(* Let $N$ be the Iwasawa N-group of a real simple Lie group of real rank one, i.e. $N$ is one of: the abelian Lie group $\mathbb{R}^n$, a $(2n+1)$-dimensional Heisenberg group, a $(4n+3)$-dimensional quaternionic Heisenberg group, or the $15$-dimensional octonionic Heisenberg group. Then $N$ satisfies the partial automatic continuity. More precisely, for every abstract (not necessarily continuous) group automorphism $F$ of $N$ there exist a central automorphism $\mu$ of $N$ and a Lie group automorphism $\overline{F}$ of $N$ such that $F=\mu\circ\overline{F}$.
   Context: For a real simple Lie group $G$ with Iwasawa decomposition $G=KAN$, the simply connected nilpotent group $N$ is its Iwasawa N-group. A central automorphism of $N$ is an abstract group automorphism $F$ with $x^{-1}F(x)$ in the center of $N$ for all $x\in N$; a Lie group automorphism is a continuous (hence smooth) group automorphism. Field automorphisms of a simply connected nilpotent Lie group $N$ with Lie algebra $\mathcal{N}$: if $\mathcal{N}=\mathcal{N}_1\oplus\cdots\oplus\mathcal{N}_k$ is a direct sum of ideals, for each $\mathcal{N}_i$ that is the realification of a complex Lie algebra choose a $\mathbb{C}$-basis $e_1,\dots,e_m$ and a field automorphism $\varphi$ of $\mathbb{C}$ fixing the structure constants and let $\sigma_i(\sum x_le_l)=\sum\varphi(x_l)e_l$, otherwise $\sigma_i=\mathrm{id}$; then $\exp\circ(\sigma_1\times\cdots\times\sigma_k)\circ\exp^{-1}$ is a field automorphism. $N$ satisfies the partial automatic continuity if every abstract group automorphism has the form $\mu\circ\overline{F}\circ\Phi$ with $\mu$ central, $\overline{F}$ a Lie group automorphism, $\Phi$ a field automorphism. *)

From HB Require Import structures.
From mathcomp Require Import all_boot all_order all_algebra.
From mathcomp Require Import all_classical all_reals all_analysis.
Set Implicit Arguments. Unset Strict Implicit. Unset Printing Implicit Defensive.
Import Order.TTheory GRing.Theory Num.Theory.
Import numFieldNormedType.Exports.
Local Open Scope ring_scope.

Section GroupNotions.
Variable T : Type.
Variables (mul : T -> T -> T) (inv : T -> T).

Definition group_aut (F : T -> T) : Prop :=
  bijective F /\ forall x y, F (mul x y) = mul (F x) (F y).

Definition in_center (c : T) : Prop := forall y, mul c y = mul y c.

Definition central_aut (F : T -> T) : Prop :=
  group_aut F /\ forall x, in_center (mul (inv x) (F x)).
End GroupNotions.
********
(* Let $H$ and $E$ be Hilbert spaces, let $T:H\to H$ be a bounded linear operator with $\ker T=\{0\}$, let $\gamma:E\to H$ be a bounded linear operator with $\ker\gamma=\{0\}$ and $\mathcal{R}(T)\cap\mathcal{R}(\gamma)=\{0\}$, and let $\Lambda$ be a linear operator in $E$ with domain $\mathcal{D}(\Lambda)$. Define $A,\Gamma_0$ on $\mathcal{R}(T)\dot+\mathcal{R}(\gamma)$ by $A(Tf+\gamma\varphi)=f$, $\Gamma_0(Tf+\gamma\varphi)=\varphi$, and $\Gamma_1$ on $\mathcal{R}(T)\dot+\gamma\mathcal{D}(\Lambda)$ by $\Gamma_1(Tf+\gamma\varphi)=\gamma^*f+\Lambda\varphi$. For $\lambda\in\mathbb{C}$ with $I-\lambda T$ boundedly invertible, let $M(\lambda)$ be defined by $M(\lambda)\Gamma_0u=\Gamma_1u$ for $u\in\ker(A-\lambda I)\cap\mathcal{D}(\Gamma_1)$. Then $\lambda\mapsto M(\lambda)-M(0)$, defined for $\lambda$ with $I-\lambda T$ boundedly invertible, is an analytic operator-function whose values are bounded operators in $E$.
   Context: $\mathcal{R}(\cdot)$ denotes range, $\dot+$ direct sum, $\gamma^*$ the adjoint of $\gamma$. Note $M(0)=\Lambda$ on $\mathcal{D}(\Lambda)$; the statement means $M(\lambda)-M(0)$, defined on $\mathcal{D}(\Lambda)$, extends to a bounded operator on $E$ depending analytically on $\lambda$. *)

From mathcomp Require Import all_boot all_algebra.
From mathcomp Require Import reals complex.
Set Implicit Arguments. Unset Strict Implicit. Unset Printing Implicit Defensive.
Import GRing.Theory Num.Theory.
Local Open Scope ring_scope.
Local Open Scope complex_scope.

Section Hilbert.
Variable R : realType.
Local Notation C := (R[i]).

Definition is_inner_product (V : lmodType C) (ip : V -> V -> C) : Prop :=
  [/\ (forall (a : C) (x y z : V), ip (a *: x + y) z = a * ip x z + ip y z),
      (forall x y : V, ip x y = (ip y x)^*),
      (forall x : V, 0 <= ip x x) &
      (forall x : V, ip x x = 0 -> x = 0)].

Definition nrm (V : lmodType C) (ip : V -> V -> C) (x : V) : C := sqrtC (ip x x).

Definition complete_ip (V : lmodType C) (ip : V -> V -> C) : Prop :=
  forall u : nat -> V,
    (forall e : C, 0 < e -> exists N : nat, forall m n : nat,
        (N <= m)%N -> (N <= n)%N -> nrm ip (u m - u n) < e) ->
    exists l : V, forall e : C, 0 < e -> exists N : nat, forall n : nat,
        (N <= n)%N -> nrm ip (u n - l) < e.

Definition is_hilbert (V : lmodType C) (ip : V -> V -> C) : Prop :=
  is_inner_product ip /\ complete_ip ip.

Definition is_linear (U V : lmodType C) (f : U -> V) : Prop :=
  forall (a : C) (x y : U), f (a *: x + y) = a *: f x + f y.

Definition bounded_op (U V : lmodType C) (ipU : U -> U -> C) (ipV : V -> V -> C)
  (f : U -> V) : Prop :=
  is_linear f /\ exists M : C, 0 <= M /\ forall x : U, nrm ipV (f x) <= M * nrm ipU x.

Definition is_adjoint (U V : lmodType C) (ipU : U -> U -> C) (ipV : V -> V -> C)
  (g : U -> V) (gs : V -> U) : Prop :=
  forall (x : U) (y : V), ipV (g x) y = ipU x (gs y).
********
→ **WHAT TO DO**
Starting with the line above that holds "Definition group_aut (F" and stopping with the line that holds "End GroupNotions.", reproduce each line exactly, omitting all other lines.

→ **SOLUTION TO THIS EXERCISE**
Definition group_aut (F : T -> T) : Prop :=
  bijective F /\ forall x y, F (mul x y) = mul (F x) (F y).

Definition in_center (c : T) : Prop := forall y, mul c y = mul y c.

Definition central_aut (F : T -> T) : Prop :=
  group_aut F /\ forall x, in_center (mul (inv x) (F x)).
End GroupNotions.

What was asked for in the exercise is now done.